According to Bernstein Liebhard LLP, a firm representing a large number of the plaintiffs, items likely to be included on the meeting's agenda will be cases that allege new-onset male breast development caused by the medication, a condition referred to as gynecomastia.
There are approximately 700 product liability cases involving Risperdal now filed in the Philadelphia Court of Common Pleas, many of which claim the need for a mastectomy, liposuction and other surgical intervention to repair the male breast growth complications was allegedly caused by use of Risperdal.
Risperdal is an antipsychotic medication approved to treat schizophrenia and bipolar disorder in adults and adolescents between the ages of 10 and 17. The drug is also cleared by the U.S. Food and Drug Administration (FDA) to treat irritability in children ages 5-to-16 years old with autistic disorder. According to research, Risperdal is also frequently prescribed off-label for symptoms associated with ADHD.
According to a study published on Aug. 6 in the Journal of Clinical Psychopharmacology, 27 out of 174 men exposed to risperidone, the active ingredient in Risperdal, developed male breasts within 60 days. The research was led by scientists from the University of British Columbia and involved health records of more than 82,000 men from 2001 to 2011. The men were aged between 40 and 85 years old.
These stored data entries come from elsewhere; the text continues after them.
Lemma backward_KI_proportional (x0 : X) (a0 : A) {x1' x2'} :
  backward_KI T q g x1' x2' ->
  exists2 k : R, 0 < k & forall x a, Tobs T q g x a x1' = k * Tobs T q g x a x2'.
Proof.
move=> bKI; have [u u_full] := @full_support_dist_exists R X A x0 a0.
pose D x' := sumX (fun y => \sum_(b : A) Tobs T q g y b x' * u y b).
have D_ge0 x' : 0 <= D x'.
  apply: sumX_ge0 => y; apply: sumr_ge0 => b _.
  by rewrite mulr_ge0 ?Tobs_ge0 ?ltW ?u_full.1.
have Pu_eq x a : Tobs T q g x a x1' / D x1' = Tobs T q g x a x2' / D x2'.
  have := bKI u u_full x a.
  rewrite /Pu (mulrAC (Tobs T q g x a x1')) (mulrAC (Tobs T q g x a x2')).
  by move/(mulIf (lt0r_neq0 (u_full.1 x a))).
have vanish x' : D x' = 0 -> forall x a, Tobs T q g x a x' = 0.
  exact: Tobs_eq0_of_Pu_denom_eq0.
have [D1_0|D1_neq0] := eqVneq (D x1') 0.
  exists 1 => // x a; rewrite mul1r (vanish _ D1_0).
  have := Pu_eq x a; rewrite (vanish _ D1_0) mul0r => /esym/eqP.
  by rewrite mulf_eq0 invr_eq0 => /orP[/eqP -> | /eqP /vanish ->].
have [D2_0|D2_neq0] := eqVneq (D x2') 0.
  exists 1 => // x a; rewrite mul1r (vanish _ D2_0).
  have := Pu_eq x a; rewrite (vanish _ D2_0) mul0r => /eqP.
  by rewrite mulf_eq0 invr_eq0 => /orP[/eqP -> | /eqP /vanish ->].
exists (D x1' / D x2'); first by rewrite divr_gt0 // lt0r ?D1_neq0 ?D2_neq0 ?D_ge0.
by move=> x a; rewrite mulrAC -mulrA -Pu_eq mulrC divfK.
Qed.

End BlockMDP.

Theorem mainTheorem11 (R : realType) (S : finType) (X : countType) (A : finType)
  (H : nat) (levS : S -> nat) (levX : X -> nat)
  (mu : S -> R) (T : S -> A -> S -> R) (q : S -> X -> R) (g : X -> S)
  (hM : is_block_mdp H levS levX mu T q g)
  (h : nat) (hh : (2 <= h <= H)%N)
  (alpha : R) (I : finType) (psi : I -> X -> A -> R)
  (hcover : policy_cover mu T q h.-1 levS alpha psi) :
  (forall x1 x2 : X, levX x1 = h.-1 -> levX x2 = h.-1 ->
     kin_insep T q g x1 x2 ->
     forall (a : A) (x' : X), levX x' = h ->
       fstar mu T q g h psi x1 a x' = fstar mu T q g h psi x2 a x') /\
  (forall x1' x2' : X, levX x1' = h -> levX x2' = h ->
     kin_insep T q g x1' x2' ->
     forall (x : X) (a : A), levX x = h.-1 ->
       fstar mu T q g h psi x a x1' = fstar mu T q g h psi x a x2').
Proof.
split=> [x1 x2 _ _ [_ fKI] a x' _ | x1' x2' _ _ [bKI _] x a _].
  by rewrite /fstar fKI.
have [_ _ psi_pol _] := hcover.
have [k k_gt0 Tk] := backward_KI_proportional hM x a bKI.
by rewrite (fstar_eq_of_Tobs_proportional hM h psi_pol k_gt0 Tk).
Qed.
The Risperdal lawsuits filed in the Philadelphia Court of Common Pleas claim that Johnson & Johnson and Janssen failed to adequately warn men and their doctors about the risk for gynecomastia and other side effects. The companies have also been accused of marketing the drug for off-label uses.
In November 2013, Johnson & Johnson agreed to a $2.5 million settlement with the U.S. Department of Justice involving claims that Risperdal and several other medications were promoted for uses not approved by the FDA.
In the case for Risperdal, this may involve promotion of the drug's marketing in children before it was cleared for pediatric uses in 2006. The federal government also accused Johnson & Johnson and Janssen of withholding information about Risperdal's side effects, which may include its association with gynecomastia.